An organization with a strange name, Docomomo WEWA, is Documentation and Conservation of the Modern Movement, Western Washington. On Saturday, August 10, Docomomo WEWA is offering tours of two houses in Wedgwood which were designed by modernist architect Paul Hayden Kirk. The houses are on 28th Ave NE in Wedgwood #3 which developer Albert Balch built in the 1950’s.
The house tour is a self-guided event and you may come anytime between 2 to 5 PM on Saturday, the 10th, and check in at 2803 NE 82nd Street. The tour fee is $10 per person, no reservations needed. Please pay at the door (cash or check only, no credit cards.) The second house on the tour is on the same block of 28th Ave NE and you will be given the location at check-in. No photos of house interiors will be permitted.
Architect Paul Hayden Kirk is best known for his design of the University Unitarian Church on 35th Ave NE at NE 68th Street. Along with Paul Thiry who designed the Northeast Branch Library at that same intersection, the two men were the principal representatives of the Pacific Northwest Modernism expression in architecture.

A 1940's Balch house in tradtional style with a pitched roof, front porch and decorative shutters on cottage-style windows.
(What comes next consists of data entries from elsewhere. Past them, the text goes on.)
Lemma rowcomb_reduce_at b (J : 'I_k) : exists b',
  [/\ (size (b' J * g J)%R < size f)%N, forall i : 'I_k, (i < J)%N -> b' i = b i
    & rowcomb b' = rowcomb b].
Proof.
pose h := f %/ g J; pose q := b J %/ h.
have [a [_ a_tail]] := tail_comb J.
exists (fun i => if i == J then b J %% h else if (J < i)%N then b i + q * a i else b i).
split=> [|i lt_iJ|]; first by rewrite eqxx; apply: size_modp_quot_mul_lcoef.
  by rewrite -val_eqE (ltn_eqF lt_iJ) ltnNge (ltnW lt_iJ).
apply/eqP; rewrite -subr_eq0 /rowcomb -modrowB -sumrB.
set S := \sum_i _.
have -> : S = - (q *: (h *: r J - \sum_(t < k | (J < t)%N) a t *: r t)).
  rewrite /S (bigD1 J) //= eqxx -scalerBl.
  have -> : b J %% h - b J = - (q * h) by rewrite {2}(divp_eq (b J) h) /q; ring.
  rewrite scalerBr opprB scalerA scaleNr addrC; congr (_ + _).
  rewrite scaler_sumr [RHS]big_mkcond [LHS]big_mkcond; apply: eq_bigr => t _ /=.
  have [->|neq_tJ] := eqVneq t J; first by rewrite ltnn.
  by case: ifP => _; rewrite /= ?subrr // scalerDl addrAC subrr add0r scalerA.
by rewrite modrowN -modrowZ_modrow modrowB a_tail subrr scaler0 modrow0 oppr0.
Qed.

Lemma reduced_spanning_of_divisors : reduced_spanning.
Proof.
move=> c c_C.
suff /(_ k (leqnn k)) [b [small_b ->]] : forall j, (j <= k)%N -> exists b,
    (forall i : 'I_k, (i < j)%N -> (size (b i * g i)%R < size f)%N) /\ c = rowcomb b.
  by exists b; split => // i; apply: small_b.
elim=> [_|j IH lt_jk]; first by have [a [_ ->]] := (G_gen.2 c).1 c_C; exists a.
have [b [small_b ->]] := IH (ltnW lt_jk).
have [b' [small_J b'_eq <-]] := rowcomb_reduce_at b (Ordinal lt_jk).
exists b'; split => // i; rewrite ltnS leq_eqVlt => /orP[/eqP i_j|lt_ij].
  by have -> : i = Ordinal lt_jk by apply: val_inj.
by rewrite b'_eq // small_b.
Qed.

End Divisors.

Lemma modrowZ_row_pivot (a : {poly F}) i : modrow f (a *: r i) ord0 (pivot i) = (a * g i) %% f.
Proof. by rewrite !mxE row_pivot. Qed.

Section Basis.
Hypothesis basis : basisOfDivisors C (fun i => r i).

Lemma leading_row i : leadingElement (chain C i) (r i).
Proof. exact: basis.1. Qed.

Lemma chain_row i : chain C i (r i).
Proof. by have [] := leading_row i. Qed.

Lemma echelon_of_basis i (j : 'I_k) : (i < j)%N -> (p i < p j)%N.
Proof.
move=> lt_ij; have /= [_ [d [d_i [_ lt_d]]]] := chain_le lt_ij (chain_row j).
have [_ min_i _ _] := leading_row i.
exact: leq_ltn_trans (min_i d d_i) lt_d.
Qed.

Lemma chain_before_pivot i c : chain C i c ->
  forall t : 'I_l, (t < pivot i)%N -> c ord0 t = 0.
Proof.
move=> c_i t lt_t; have [_ min_i _ _] := leading_row i.
exact/entry_before_lind/(leq_trans lt_t)/min_i.
Qed.

Lemma chainS_of_pivot_eq0 i c : chain C i c -> c ord0 (pivot i) = 0 -> chain C i.+1 c.
Proof.
move=> c_i c_pivot; split => //; exists (r i); split; first exact: chain_row.
split; first exact: row_neq0.
apply/(lind_geP _ (lind_row_lt i)) => t.
rewrite ltnS leq_eqVlt => /orP[/eqP t_p|]; last exact: chain_before_pivot.
by have -> : t = pivot i by apply: val_inj.
Qed.
Lemma is_series_affine_geom g c e q : Rabs g < 1 -> Rabs (g * q) < 1 ->
  is_series (fun t => g ^ t * (c + e * q ^ t)) (c / (1 - g) + e / (1 - g * q)).
Proof.
  intros Hg Hgq.
  pose proof (is_series_plus _ _ _ _
    (is_series_scal_r c _ _ (is_series_geom g Hg))
    (is_series_scal_r e _ _ (is_series_geom _ Hgq))) as S.
  apply Rabs_def2 in Hg, Hgq.
  replace (c / (1 - g) + e / (1 - g * q)) with (plus (/ (1 - g) * c) (/ (1 - g * q) * e))
    by (unfold plus; simpl; field; lra).
  eapply is_series_ext; [|exact S].
  intros t; unfold plus; simpl; rewrite Rpow_mult_distr; ring.
Qed.

Lemma div_one_sub_mul_le p k : 0 <= p <= 1 -> 0 <= k < 1 ->
  p / (1 - k * p) <= 1 / (1 - k).
Proof.
  intros Hp Hk.
  assert (0 < 1 - k * p) by nra.
  apply Rmult_le_reg_r with ((1 - k * p) * (1 - k)); [nra|].
  field_simplify; [nra | lra | lra].
Qed.

Lemma div_one_sub_mul_ge_eq p k : 0 <= p <= 1 -> 0 <= k < 1 ->
  1 / (1 - k) <= p / (1 - k * p) -> p = 1.
Proof.
  intros Hp Hk H.
  assert (0 < 1 - k * p) by nra.
  apply Rmult_le_compat_r with (r := (1 - k * p) * (1 - k)) in H; [|nra].
  field_simplify in H; [nra | lra | lra].
Qed.

Definition pi_up (s a : nat) : R := match a with O => 1 | _ => 0 end.

Definition pi_down (s a : nat) : R :=
  match s, a with O, S O => 1 | S O, O => 1 | _, _ => 0 end.

Section Example.
Variable T : R.
Hypothesis hT : 1 <= T.
Local Notation M := (ex_mdp T).

Lemma pi_up_policy : policy M pi_up.
Proof.
  intros [|[|s]] hs; simpl in hs; try lia; repeat split; simpl; try lra;
    intros [|[|a]] ha; simpl in *; try lia; try lra;
    intros Na; exfalso; apply Na; auto.
Qed.

Lemma pi_down_policy : policy M pi_down.
Proof.
  intros [|[|s]] hs; simpl in hs; try lia; repeat split; simpl; try lra;
    intros [|[|a]] ha; simpl in *; try lia; try lra;
    intros Na; exfalso; apply Na; auto.
Qed.

Lemma stay_prob_bounds p : 0 <= p <= 1 -> 0 <= p * (1 - / T) < 1.
Proof.
  intros Hp.
  assert (0 < / T <= 1).
  { split; [apply Rinv_0_lt_compat; lra|].
    rewrite <- Rinv_1; apply Rinv_le_contravar; lra. }
  split; [apply Rmult_le_pos|]; nra.
Qed.

Lemma discounted_stay_bounds g : 0 <= g < 1 -> 0 <= g * (1 - / T) < 1.
Proof. intros Hg; pose proof (stay_prob_bounds 1 ltac:(lra)); nra. Qed.

Section Policy.
Variable pi : nat -> nat -> R.
Hypothesis hpi : policy M pi.
Local Notation p_up := (pi 0%nat 0%nat).
Local Notation q := (pi 0%nat 0%nat * (1 - / T)).

Lemma ex_policy_shape :
  0 <= p_up <= 1 /\ pi 0%nat 1%nat = 1 - p_up /\
  pi 1%nat 0%nat = 1 /\ pi 1%nat 1%nat = 0.
Proof.
  destruct (hpi 0%nat) as [Pos0 [_ Sum0]]; [simpl; lia|].
  destruct (hpi 1%nat) as [_ [Avail1 Sum1]]; [simpl; lia|].
  simpl in Sum0, Sum1.
  assert (pi 1%nat 1%nat = 0).
  { apply Avail1; [simpl; lia|]. simpl; intros [[? _] | [_ ?]]; discriminate. }
  pose proof (Pos0 0%nat ltac:(simpl; lia)); pose proof (Pos0 1%nat ltac:(simpl; lia)).
  repeat split; lra.
Qed.

Lemma q_abs_lt_1 : Rabs q < 1.
Proof.
  destruct ex_policy_shape as [Hp _]; pose proof (stay_prob_bounds _ Hp).
  rewrite Rabs_pos_eq; lra.
Qed.

Lemma iterP_ex_state1 t f : iterP M pi t f 1%nat = f 1%nat.
Proof.
  destruct ex_policy_shape as (_ & _ & h10 & h11).
  induction t as [|t IH]; [reflexivity|].
  simpl iterP; rewrite IH; unfold Ppi; simpl; rewrite h10, h11; ring.
Qed.

Lemma iterP_ex_state0 t f :
  iterP M pi t f 0%nat = q ^ t * f 0%nat + (1 - q ^ t) * f 1%nat.
Proof.
  destruct ex_policy_shape as (_ & h01 & _ & _).
  induction t as [|t IH]; [simpl; ring|].
  simpl iterP; rewrite IH, iterP_ex_state1; unfold Ppi; simpl; rewrite h01; ring.
Qed.

Lemma exp_rew_ex_state0 t : exp_rew M pi t 0%nat = 1/2 + p_up / 2 * q ^ t.
Proof.
  destruct ex_policy_shape as (_ & h01 & h10 & h11).
  unfold exp_rew; rewrite iterP_ex_state0; unfold rpi; simpl.
  rewrite h01, h10, h11; field.
Qed.

Lemma exp_rew_ex_state1 t : exp_rew M pi t 1%nat = 1/2.
Proof.
  destruct ex_policy_shape as (_ & _ & h10 & h11).
  unfold exp_rew; rewrite iterP_ex_state1; unfold rpi; simpl.
  rewrite h10, h11; field.
Qed.

Lemma gain_ex s : (s < 2)%nat -> gain M pi s = 1/2.
Proof.
  intros hs; unfold gain; apply real_Lim_seq_unique.
  destruct s as [|[|s]]; [| |lia].
  - eapply is_lim_seq_ext; [|apply (is_lim_seq_cesaro_affine_geom _ (p_up / 2) _ q_abs_lt_1)].
    intros N; cbv beta; f_equal; apply fsum_ext; intros t; now rewrite exp_rew_ex_state0.
  - eapply is_lim_seq_ext; [|apply (is_lim_seq_cesaro_affine_geom (1/2) 0 0)];
      [|rewrite Rabs_R0; lra].
    intros N; cbv beta; f_equal; apply fsum_ext; intros t; rewrite exp_rew_ex_state1; ring.
Qed.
Builder Albert Balch started the first Wedgwood group of houses in 1941 with very traditional designs. In the 1940’s a Balch house had a cottage-like form with a pitched roof, front gable over a porch, an “open” appearance with an obvious front door and living room windows at the front of the house. Over time Balch kept up with trends and built houses in modernist styles. Modernist houses in the 1950’s looked as though they were constructed of boxes of varying shapes (volumetric forms) and had no “trim” or exterior decoration. Very often the modernist house would appear to be “turned away from the street” as it had not many windows on the front side, and the areas of family living were at the back of the house. The houses on the August 10 tour are examples of the 1950’s designs in the Pacific Northwest Modernist style by its premier architect, Paul Hayden Kirk.